---- TASK INPUTS
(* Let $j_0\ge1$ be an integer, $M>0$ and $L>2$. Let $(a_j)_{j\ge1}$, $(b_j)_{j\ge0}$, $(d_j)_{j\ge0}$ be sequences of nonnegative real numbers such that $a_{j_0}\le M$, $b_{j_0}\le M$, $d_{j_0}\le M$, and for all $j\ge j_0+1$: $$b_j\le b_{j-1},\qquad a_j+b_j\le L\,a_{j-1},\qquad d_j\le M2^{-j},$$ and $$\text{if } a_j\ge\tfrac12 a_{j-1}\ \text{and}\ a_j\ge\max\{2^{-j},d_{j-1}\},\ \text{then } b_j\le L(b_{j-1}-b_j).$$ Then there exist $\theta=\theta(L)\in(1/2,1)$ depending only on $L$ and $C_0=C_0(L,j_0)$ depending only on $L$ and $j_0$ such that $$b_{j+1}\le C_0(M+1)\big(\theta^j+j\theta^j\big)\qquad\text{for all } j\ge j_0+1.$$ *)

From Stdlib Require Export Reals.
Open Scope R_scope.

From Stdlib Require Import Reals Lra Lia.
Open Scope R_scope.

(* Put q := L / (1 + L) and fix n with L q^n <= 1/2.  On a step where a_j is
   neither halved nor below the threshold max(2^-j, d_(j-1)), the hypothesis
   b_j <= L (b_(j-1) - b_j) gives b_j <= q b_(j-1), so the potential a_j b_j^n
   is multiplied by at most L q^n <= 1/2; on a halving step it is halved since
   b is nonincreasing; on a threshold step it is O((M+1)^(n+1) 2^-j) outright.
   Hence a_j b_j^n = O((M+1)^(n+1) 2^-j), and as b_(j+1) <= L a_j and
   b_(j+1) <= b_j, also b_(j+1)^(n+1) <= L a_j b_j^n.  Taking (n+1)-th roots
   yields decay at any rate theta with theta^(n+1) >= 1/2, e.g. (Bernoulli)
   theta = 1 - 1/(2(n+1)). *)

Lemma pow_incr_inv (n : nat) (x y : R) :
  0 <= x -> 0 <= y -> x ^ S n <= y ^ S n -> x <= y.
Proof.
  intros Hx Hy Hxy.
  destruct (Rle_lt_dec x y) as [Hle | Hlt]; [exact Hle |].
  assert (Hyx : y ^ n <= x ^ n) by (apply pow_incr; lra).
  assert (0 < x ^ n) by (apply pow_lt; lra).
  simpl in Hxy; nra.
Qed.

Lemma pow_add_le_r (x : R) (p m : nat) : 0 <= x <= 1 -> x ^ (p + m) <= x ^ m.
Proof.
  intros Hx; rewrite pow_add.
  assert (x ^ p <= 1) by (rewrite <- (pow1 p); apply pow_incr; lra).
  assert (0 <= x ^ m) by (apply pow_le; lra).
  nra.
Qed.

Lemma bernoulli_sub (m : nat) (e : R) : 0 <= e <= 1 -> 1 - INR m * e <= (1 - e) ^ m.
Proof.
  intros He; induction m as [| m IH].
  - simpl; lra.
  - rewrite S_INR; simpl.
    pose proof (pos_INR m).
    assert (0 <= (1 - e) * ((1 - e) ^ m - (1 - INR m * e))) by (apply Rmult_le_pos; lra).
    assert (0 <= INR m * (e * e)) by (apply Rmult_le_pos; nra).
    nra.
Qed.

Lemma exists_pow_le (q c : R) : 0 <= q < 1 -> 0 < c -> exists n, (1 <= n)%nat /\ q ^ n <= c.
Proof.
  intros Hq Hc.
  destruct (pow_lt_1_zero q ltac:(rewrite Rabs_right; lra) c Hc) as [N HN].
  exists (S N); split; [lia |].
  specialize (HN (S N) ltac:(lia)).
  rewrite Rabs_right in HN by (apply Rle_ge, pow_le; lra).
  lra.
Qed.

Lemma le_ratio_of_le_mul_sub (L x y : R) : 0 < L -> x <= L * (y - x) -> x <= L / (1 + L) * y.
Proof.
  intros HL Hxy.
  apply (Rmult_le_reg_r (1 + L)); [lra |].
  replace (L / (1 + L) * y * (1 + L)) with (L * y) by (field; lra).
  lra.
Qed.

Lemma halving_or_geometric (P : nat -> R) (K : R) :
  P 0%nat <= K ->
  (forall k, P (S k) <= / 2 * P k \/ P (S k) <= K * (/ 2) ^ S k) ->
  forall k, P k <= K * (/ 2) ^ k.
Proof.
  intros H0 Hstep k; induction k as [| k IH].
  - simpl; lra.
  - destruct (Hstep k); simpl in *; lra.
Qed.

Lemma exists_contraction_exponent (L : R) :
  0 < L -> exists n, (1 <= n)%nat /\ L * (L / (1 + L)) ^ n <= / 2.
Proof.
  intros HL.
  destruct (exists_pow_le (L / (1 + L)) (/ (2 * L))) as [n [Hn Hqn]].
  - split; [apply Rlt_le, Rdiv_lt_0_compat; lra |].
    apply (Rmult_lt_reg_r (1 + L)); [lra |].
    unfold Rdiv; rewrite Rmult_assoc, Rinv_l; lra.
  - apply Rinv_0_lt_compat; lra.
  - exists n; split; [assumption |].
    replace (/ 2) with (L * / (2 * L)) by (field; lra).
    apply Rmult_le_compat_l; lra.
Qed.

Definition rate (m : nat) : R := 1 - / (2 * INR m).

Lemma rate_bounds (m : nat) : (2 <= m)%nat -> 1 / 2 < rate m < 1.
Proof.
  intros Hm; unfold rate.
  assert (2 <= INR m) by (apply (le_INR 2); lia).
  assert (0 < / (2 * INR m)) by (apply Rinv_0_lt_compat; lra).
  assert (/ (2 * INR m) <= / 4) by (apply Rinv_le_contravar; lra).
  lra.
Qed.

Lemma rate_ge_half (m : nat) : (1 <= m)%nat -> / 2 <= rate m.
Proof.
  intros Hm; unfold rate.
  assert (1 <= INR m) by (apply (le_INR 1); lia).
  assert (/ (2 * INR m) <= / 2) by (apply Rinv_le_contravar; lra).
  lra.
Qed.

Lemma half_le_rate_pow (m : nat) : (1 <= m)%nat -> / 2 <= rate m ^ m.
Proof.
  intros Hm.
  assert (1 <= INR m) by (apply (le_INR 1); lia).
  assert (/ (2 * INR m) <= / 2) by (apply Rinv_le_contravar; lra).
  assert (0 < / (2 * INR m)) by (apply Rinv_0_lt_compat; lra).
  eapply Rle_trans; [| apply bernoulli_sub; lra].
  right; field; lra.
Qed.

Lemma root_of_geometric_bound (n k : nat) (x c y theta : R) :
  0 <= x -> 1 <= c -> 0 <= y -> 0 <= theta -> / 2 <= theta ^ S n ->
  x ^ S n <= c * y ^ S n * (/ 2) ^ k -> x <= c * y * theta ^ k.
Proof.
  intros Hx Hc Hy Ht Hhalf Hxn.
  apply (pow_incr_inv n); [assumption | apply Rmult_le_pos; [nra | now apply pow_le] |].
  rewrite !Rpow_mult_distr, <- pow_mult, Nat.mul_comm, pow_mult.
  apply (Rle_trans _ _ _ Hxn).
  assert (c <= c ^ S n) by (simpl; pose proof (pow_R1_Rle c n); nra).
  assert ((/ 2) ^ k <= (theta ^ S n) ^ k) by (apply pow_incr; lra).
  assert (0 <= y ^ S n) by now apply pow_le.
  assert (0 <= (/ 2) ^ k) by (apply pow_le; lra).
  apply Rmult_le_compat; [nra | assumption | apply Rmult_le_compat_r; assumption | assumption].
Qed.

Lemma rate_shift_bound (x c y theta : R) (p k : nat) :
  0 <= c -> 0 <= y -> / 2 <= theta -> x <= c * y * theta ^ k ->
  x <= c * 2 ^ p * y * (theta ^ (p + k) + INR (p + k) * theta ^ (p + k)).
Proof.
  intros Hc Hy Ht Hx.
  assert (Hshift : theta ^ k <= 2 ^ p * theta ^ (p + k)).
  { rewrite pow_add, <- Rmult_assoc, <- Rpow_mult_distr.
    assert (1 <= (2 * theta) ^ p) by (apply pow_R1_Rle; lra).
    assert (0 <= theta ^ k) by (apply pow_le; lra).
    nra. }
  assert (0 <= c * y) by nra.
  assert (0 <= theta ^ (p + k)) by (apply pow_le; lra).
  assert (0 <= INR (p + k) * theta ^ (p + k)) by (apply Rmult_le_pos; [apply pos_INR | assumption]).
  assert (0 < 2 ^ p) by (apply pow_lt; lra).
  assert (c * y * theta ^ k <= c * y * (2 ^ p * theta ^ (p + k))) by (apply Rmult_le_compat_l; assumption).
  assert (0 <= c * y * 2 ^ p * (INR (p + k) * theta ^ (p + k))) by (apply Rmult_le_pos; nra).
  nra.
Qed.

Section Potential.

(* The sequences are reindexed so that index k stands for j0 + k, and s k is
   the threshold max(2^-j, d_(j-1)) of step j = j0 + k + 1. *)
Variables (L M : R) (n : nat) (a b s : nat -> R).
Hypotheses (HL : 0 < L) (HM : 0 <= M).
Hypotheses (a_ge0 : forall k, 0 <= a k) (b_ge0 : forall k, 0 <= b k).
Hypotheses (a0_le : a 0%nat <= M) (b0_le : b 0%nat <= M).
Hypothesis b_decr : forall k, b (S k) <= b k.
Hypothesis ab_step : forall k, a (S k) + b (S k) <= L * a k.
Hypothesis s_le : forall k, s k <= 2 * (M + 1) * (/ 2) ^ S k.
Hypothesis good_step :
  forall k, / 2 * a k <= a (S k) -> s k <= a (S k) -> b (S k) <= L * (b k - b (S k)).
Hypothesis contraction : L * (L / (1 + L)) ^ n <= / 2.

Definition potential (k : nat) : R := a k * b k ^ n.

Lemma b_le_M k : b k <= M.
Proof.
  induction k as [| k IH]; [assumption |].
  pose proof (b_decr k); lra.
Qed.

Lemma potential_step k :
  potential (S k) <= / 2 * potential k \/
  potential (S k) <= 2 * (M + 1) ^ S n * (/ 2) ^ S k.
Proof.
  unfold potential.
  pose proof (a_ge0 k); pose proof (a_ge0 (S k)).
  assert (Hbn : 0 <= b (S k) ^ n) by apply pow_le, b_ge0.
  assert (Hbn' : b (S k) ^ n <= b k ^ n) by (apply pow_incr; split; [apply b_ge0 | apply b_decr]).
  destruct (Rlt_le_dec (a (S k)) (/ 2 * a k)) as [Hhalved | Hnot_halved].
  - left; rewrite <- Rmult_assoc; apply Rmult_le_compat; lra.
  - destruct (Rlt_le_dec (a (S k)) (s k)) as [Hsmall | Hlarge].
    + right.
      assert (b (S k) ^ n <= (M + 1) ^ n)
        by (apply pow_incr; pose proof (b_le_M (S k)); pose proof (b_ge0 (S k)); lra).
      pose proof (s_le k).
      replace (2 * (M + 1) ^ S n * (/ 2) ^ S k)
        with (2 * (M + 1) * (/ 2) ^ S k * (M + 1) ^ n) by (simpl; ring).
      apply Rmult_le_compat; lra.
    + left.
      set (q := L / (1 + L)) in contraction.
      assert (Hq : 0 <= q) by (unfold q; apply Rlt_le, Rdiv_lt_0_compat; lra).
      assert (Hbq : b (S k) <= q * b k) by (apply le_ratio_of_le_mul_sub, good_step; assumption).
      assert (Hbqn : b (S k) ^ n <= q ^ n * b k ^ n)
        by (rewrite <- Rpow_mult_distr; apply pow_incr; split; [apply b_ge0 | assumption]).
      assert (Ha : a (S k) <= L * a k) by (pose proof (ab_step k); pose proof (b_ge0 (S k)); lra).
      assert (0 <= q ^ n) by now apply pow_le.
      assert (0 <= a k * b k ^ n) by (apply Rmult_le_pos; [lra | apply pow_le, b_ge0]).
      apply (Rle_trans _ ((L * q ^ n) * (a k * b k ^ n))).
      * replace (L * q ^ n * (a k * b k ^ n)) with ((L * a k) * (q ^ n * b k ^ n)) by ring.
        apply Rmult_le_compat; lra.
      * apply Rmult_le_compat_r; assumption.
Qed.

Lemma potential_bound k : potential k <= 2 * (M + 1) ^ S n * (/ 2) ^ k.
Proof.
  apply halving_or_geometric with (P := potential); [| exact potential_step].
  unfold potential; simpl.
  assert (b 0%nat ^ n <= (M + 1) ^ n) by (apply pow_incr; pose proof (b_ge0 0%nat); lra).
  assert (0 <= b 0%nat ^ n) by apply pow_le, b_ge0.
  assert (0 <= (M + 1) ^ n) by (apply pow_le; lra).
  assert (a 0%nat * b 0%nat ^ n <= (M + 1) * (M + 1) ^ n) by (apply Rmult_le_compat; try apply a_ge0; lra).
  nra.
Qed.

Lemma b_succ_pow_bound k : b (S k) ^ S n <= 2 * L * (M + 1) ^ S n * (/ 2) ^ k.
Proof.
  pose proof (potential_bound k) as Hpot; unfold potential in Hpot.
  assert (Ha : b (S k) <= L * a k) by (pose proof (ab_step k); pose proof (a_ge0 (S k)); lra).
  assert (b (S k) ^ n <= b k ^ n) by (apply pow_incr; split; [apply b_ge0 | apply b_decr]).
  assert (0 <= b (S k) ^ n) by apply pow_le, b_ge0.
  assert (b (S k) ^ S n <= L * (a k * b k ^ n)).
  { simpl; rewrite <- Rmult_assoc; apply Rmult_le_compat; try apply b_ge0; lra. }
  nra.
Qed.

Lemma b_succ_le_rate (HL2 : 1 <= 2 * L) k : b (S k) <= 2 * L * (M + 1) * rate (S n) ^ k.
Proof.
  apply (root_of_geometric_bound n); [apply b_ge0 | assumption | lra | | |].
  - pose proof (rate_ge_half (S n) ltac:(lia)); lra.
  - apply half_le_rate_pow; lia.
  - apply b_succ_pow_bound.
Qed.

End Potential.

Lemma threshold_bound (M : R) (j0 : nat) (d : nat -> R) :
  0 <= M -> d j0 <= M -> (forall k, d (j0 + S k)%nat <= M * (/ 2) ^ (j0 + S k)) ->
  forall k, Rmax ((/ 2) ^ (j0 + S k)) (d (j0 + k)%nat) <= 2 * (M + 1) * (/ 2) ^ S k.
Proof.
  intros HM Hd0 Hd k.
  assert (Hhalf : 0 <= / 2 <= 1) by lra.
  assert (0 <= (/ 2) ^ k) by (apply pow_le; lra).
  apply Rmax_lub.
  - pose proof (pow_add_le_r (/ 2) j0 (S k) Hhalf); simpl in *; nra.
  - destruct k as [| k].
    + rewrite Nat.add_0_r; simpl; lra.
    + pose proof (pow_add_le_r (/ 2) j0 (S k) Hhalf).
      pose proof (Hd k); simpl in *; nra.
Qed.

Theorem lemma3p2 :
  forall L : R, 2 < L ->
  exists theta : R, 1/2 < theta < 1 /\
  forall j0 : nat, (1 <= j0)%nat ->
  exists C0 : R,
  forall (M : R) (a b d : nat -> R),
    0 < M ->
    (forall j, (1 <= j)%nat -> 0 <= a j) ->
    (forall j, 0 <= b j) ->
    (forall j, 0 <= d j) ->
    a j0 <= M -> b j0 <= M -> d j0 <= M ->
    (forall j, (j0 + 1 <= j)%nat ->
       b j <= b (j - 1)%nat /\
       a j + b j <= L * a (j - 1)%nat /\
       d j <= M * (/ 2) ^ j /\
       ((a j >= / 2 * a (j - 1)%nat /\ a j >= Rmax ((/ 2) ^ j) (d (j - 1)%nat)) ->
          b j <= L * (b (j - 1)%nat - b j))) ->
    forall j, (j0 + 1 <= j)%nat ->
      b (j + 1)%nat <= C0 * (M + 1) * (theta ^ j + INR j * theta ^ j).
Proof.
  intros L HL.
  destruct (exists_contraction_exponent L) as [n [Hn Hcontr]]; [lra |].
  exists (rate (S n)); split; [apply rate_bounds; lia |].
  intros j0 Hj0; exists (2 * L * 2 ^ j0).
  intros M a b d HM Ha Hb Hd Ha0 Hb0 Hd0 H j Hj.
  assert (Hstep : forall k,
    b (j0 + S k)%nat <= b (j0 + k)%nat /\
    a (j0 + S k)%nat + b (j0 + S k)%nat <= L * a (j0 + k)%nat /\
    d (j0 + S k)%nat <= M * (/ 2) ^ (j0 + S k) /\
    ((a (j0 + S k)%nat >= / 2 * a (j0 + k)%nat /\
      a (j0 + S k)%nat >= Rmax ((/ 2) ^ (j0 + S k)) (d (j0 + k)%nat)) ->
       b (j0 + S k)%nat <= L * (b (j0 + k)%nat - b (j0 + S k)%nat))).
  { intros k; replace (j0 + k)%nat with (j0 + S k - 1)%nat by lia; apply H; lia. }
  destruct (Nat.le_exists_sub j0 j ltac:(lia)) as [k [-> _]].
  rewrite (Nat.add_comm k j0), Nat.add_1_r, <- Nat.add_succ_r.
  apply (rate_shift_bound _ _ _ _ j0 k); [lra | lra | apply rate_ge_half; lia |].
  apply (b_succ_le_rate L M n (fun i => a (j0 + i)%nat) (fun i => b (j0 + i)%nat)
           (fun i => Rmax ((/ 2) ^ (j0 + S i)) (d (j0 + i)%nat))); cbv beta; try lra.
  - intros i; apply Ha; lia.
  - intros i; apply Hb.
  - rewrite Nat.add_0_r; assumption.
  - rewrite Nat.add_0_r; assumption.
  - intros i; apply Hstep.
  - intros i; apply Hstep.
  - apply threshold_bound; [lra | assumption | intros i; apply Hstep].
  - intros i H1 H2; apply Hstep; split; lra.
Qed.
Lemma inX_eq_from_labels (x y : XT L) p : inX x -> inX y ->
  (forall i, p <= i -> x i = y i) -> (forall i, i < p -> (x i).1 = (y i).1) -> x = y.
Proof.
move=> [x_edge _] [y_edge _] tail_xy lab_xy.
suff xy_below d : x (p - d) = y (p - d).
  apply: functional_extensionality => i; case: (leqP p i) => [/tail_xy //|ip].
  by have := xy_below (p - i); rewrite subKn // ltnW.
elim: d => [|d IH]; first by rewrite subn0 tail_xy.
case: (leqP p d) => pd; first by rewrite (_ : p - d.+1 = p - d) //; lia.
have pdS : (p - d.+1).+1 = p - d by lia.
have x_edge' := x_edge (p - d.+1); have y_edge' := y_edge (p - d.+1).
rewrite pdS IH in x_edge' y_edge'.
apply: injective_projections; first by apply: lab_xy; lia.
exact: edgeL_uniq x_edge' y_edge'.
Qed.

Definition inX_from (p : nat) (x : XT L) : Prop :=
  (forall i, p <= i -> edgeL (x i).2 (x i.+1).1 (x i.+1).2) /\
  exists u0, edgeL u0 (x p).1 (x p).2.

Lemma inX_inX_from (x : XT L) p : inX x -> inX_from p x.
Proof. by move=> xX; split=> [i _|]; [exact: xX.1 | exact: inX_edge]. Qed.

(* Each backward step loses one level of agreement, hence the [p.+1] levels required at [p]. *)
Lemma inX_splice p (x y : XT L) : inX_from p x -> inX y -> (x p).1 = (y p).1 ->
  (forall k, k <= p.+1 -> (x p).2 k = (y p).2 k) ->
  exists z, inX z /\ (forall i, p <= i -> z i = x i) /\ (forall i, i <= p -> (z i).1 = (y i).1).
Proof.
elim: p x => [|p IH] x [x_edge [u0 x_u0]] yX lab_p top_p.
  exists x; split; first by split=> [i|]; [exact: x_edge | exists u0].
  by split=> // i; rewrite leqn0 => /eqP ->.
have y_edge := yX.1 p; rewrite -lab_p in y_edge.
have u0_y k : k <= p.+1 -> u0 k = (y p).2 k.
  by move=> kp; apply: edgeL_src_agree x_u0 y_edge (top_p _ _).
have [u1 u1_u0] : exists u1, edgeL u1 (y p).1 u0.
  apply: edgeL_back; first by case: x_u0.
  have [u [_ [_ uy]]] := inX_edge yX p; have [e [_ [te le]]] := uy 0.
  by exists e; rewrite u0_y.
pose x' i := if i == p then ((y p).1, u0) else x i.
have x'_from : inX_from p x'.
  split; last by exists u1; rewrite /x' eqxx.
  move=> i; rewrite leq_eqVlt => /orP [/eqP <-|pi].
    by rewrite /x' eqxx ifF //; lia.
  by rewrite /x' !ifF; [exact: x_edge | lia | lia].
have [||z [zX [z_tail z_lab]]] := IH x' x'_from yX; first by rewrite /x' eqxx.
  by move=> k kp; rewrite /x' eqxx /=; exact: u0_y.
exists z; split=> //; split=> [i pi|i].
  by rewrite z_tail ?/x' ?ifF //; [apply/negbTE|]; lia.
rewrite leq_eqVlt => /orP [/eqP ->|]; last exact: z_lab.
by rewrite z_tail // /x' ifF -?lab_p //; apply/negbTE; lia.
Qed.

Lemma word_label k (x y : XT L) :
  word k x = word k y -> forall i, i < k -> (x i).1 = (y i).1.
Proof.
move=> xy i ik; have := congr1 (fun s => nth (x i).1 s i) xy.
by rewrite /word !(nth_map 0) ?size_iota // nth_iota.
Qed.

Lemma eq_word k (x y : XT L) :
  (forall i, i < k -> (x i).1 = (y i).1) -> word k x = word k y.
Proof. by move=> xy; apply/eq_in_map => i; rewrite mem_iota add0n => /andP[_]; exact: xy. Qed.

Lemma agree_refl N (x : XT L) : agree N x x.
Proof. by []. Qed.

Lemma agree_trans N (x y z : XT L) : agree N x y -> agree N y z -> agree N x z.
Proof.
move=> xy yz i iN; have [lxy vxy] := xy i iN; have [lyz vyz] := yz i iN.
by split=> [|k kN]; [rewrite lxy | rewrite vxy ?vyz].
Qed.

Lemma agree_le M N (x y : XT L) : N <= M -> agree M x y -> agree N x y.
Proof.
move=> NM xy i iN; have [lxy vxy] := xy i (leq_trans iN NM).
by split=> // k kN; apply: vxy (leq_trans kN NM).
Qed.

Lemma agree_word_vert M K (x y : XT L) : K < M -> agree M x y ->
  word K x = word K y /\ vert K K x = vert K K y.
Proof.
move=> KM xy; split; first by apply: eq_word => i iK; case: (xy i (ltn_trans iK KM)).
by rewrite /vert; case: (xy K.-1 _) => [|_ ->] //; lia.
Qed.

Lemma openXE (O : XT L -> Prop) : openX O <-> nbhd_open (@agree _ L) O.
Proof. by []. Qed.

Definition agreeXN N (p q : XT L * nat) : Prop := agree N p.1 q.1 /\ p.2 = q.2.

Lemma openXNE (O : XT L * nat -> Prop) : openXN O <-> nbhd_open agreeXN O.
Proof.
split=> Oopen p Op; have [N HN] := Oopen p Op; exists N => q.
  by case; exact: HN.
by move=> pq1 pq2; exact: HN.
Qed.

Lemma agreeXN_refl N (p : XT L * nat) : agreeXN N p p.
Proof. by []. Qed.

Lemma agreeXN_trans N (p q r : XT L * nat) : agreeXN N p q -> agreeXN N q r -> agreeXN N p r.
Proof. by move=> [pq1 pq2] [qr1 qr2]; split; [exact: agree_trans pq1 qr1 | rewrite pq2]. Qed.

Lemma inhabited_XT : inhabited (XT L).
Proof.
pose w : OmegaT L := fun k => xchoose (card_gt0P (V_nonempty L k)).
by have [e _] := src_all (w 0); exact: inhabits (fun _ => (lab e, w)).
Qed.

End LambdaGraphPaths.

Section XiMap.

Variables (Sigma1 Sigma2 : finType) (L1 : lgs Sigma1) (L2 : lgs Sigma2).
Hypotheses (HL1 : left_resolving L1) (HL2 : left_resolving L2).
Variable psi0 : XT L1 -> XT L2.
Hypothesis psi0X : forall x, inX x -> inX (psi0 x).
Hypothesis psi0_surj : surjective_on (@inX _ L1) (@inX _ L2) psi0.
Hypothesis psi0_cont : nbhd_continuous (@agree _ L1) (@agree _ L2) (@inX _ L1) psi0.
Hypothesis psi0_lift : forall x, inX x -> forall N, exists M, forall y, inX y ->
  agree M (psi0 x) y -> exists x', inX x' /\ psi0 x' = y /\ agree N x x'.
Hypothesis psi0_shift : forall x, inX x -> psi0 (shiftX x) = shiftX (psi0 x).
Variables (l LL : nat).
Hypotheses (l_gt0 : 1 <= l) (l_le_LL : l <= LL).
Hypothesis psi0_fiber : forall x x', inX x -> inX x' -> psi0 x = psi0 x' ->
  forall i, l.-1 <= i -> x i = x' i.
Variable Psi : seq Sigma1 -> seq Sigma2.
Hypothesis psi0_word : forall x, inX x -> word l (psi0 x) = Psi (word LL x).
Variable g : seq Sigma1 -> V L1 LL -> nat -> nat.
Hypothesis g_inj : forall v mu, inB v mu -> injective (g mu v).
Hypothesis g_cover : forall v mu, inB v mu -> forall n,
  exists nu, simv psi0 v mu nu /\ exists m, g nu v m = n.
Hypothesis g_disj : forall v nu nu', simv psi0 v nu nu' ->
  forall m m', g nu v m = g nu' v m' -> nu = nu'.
--------
Only the lines above from the one with "destruct (exists_pow_le (L" through the one with "intros Hx Hc Hy Ht Hhalf Hxn." should be duplicated, character for character.

RESULT BELOW:
  destruct (exists_pow_le (L / (1 + L)) (/ (2 * L))) as [n [Hn Hqn]].
  - split; [apply Rlt_le, Rdiv_lt_0_compat; lra |].
    apply (Rmult_lt_reg_r (1 + L)); [lra |].
    unfold Rdiv; rewrite Rmult_assoc, Rinv_l; lra.
  - apply Rinv_0_lt_compat; lra.
  - exists n; split; [assumption |].
    replace (/ 2) with (L * / (2 * L)) by (field; lra).
    apply Rmult_le_compat_l; lra.
Qed.

Definition rate (m : nat) : R := 1 - / (2 * INR m).

Lemma rate_bounds (m : nat) : (2 <= m)%nat -> 1 / 2 < rate m < 1.
Proof.
  intros Hm; unfold rate.
  assert (2 <= INR m) by (apply (le_INR 2); lia).
  assert (0 < / (2 * INR m)) by (apply Rinv_0_lt_compat; lra).
  assert (/ (2 * INR m) <= / 4) by (apply Rinv_le_contravar; lra).
  lra.
Qed.

Lemma rate_ge_half (m : nat) : (1 <= m)%nat -> / 2 <= rate m.
Proof.
  intros Hm; unfold rate.
  assert (1 <= INR m) by (apply (le_INR 1); lia).
  assert (/ (2 * INR m) <= / 2) by (apply Rinv_le_contravar; lra).
  lra.
Qed.

Lemma half_le_rate_pow (m : nat) : (1 <= m)%nat -> / 2 <= rate m ^ m.
Proof.
  intros Hm.
  assert (1 <= INR m) by (apply (le_INR 1); lia).
  assert (/ (2 * INR m) <= / 2) by (apply Rinv_le_contravar; lra).
  assert (0 < / (2 * INR m)) by (apply Rinv_0_lt_compat; lra).
  eapply Rle_trans; [| apply bernoulli_sub; lra].
  right; field; lra.
Qed.

Lemma root_of_geometric_bound (n k : nat) (x c y theta : R) :
  0 <= x -> 1 <= c -> 0 <= y -> 0 <= theta -> / 2 <= theta ^ S n ->
  x ^ S n <= c * y ^ S n * (/ 2) ^ k -> x <= c * y * theta ^ k.
Proof.
  intros Hx Hc Hy Ht Hhalf Hxn.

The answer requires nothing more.